- **Problem to solve**
Beginning with the line below that contains "Proof. by move=> Aj" and ending with the line that contains "case=> H [G", copy every line exactly. Copy nothing else.

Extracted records
━━━━━━━━━━━━━━━━━━━━━━━━━━━━━━
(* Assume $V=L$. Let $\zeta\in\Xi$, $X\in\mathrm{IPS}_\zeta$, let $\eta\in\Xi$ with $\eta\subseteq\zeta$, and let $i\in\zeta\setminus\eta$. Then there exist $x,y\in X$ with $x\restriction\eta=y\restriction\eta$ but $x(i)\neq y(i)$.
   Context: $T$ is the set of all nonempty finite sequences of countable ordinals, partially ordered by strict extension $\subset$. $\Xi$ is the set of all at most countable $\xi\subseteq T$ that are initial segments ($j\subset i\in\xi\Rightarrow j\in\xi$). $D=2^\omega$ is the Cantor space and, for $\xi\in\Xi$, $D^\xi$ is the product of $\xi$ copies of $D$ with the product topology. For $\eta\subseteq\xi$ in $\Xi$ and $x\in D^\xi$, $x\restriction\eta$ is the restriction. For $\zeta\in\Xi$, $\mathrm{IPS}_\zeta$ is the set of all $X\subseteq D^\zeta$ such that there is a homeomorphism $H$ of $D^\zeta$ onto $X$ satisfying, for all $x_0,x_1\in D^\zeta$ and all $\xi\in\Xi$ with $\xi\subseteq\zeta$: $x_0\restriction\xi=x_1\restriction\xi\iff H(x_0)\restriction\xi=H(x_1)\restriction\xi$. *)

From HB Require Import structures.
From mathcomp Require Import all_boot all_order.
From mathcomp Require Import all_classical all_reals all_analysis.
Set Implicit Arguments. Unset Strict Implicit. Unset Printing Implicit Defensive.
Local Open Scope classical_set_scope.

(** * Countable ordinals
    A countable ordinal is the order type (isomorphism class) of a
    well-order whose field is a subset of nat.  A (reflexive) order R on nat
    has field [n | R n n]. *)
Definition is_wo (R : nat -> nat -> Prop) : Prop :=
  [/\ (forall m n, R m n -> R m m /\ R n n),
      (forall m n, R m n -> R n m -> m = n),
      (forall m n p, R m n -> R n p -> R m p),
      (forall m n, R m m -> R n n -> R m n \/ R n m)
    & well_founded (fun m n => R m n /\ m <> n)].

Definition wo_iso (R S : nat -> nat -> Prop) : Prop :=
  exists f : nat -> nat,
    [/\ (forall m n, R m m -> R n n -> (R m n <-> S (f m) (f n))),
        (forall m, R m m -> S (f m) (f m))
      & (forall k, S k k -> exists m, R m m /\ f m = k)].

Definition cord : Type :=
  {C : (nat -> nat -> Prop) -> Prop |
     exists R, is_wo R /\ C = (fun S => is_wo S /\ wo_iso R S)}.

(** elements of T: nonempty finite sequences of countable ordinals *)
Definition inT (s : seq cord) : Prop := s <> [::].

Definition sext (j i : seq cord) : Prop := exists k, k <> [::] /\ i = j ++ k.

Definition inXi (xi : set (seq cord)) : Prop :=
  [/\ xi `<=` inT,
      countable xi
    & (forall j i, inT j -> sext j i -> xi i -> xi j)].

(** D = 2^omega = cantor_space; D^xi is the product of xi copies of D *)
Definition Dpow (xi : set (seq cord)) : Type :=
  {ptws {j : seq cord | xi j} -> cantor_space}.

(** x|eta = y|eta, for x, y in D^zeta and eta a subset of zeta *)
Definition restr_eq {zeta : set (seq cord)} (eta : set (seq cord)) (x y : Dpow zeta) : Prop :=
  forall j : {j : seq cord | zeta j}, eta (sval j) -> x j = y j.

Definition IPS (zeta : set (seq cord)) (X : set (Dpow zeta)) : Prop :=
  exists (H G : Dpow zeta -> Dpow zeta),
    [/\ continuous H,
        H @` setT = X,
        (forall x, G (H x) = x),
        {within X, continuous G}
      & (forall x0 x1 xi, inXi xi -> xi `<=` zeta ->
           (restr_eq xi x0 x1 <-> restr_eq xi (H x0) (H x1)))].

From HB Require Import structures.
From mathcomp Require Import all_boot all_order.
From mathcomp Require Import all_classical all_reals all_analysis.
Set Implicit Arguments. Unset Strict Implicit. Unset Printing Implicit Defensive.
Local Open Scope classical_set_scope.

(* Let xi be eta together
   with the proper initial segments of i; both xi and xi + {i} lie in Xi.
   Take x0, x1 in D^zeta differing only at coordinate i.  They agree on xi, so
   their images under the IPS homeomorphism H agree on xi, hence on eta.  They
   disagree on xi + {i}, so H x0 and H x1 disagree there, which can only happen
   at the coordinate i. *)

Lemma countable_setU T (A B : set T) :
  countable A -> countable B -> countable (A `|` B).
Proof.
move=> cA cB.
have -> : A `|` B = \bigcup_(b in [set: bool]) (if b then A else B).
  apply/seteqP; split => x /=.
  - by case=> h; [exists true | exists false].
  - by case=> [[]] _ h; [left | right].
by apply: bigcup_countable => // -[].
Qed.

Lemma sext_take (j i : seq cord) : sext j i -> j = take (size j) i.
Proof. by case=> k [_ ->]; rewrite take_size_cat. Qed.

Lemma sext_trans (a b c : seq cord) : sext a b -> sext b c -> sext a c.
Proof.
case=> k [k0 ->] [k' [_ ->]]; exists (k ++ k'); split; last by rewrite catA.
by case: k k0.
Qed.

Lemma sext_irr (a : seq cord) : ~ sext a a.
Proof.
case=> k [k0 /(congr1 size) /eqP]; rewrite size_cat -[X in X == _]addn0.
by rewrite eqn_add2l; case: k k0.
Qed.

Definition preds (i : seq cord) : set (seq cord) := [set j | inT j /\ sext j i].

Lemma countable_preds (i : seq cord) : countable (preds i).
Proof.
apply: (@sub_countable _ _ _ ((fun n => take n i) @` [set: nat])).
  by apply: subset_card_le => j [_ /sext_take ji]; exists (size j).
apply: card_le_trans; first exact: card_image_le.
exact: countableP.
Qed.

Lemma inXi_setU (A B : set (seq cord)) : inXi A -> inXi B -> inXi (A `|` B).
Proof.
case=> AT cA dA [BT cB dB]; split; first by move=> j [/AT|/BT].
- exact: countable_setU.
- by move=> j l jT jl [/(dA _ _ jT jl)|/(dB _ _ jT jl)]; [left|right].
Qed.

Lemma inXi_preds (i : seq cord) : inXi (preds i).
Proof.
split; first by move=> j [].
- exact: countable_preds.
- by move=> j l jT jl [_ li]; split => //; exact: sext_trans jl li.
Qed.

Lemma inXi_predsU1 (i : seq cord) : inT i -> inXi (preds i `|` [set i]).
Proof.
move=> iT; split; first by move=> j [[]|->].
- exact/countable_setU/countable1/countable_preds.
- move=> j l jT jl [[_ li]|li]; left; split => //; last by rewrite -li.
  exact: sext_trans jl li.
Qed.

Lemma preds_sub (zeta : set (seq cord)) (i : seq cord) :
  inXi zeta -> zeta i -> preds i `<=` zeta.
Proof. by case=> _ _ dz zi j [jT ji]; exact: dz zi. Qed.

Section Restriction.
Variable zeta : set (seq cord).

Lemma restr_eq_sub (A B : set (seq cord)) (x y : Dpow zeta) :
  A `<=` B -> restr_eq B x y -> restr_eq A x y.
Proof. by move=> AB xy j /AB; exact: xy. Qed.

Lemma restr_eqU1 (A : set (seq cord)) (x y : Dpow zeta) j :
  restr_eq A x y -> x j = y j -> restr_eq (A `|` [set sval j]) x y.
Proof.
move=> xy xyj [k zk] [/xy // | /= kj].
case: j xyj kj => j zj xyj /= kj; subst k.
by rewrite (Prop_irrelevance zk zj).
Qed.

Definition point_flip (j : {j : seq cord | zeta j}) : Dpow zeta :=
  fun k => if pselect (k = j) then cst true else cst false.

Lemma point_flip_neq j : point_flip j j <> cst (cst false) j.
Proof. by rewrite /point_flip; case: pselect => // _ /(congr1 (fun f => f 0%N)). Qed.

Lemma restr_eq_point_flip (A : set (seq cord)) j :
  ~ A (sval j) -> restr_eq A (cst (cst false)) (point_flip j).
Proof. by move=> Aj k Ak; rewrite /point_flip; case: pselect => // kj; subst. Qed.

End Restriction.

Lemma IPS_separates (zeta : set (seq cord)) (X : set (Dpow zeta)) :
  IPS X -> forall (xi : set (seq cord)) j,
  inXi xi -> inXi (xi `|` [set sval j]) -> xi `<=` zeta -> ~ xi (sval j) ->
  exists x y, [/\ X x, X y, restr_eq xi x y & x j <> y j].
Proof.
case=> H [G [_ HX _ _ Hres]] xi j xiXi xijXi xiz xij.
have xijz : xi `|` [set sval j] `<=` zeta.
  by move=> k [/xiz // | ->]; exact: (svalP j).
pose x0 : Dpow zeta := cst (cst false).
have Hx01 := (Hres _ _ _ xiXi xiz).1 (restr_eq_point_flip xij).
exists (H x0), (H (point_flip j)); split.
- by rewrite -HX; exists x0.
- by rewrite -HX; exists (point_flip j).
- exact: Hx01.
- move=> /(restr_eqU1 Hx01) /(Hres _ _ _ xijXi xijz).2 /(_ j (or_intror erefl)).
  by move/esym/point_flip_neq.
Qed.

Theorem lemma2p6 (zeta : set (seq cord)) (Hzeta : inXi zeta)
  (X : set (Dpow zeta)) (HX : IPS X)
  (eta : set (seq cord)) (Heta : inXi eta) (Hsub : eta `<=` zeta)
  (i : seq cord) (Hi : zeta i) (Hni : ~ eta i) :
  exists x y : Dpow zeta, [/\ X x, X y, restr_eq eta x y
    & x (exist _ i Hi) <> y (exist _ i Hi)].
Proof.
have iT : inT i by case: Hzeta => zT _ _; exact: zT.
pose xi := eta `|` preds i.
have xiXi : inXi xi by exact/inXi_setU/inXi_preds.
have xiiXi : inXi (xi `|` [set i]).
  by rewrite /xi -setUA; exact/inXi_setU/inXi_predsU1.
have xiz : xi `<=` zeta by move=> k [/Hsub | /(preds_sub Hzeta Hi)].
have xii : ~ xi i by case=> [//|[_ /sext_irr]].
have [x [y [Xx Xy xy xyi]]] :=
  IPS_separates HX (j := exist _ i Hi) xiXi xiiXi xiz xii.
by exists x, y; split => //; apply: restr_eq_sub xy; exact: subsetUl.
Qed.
━━━━━━━━━━━━━━━━━━━━━━━━━━━━━━
- **Exercise answer**
Proof. by move=> Aj k Ak; rewrite /point_flip; case: pselect => // kj; subst. Qed.

End Restriction.

Lemma IPS_separates (zeta : set (seq cord)) (X : set (Dpow zeta)) :
  IPS X -> forall (xi : set (seq cord)) j,
  inXi xi -> inXi (xi `|` [set sval j]) -> xi `<=` zeta -> ~ xi (sval j) ->
  exists x y, [/\ X x, X y, restr_eq xi x y & x j <> y j].
Proof.
case=> H [G [_ HX _ _ Hres]] xi j xiXi xijXi xiz xij.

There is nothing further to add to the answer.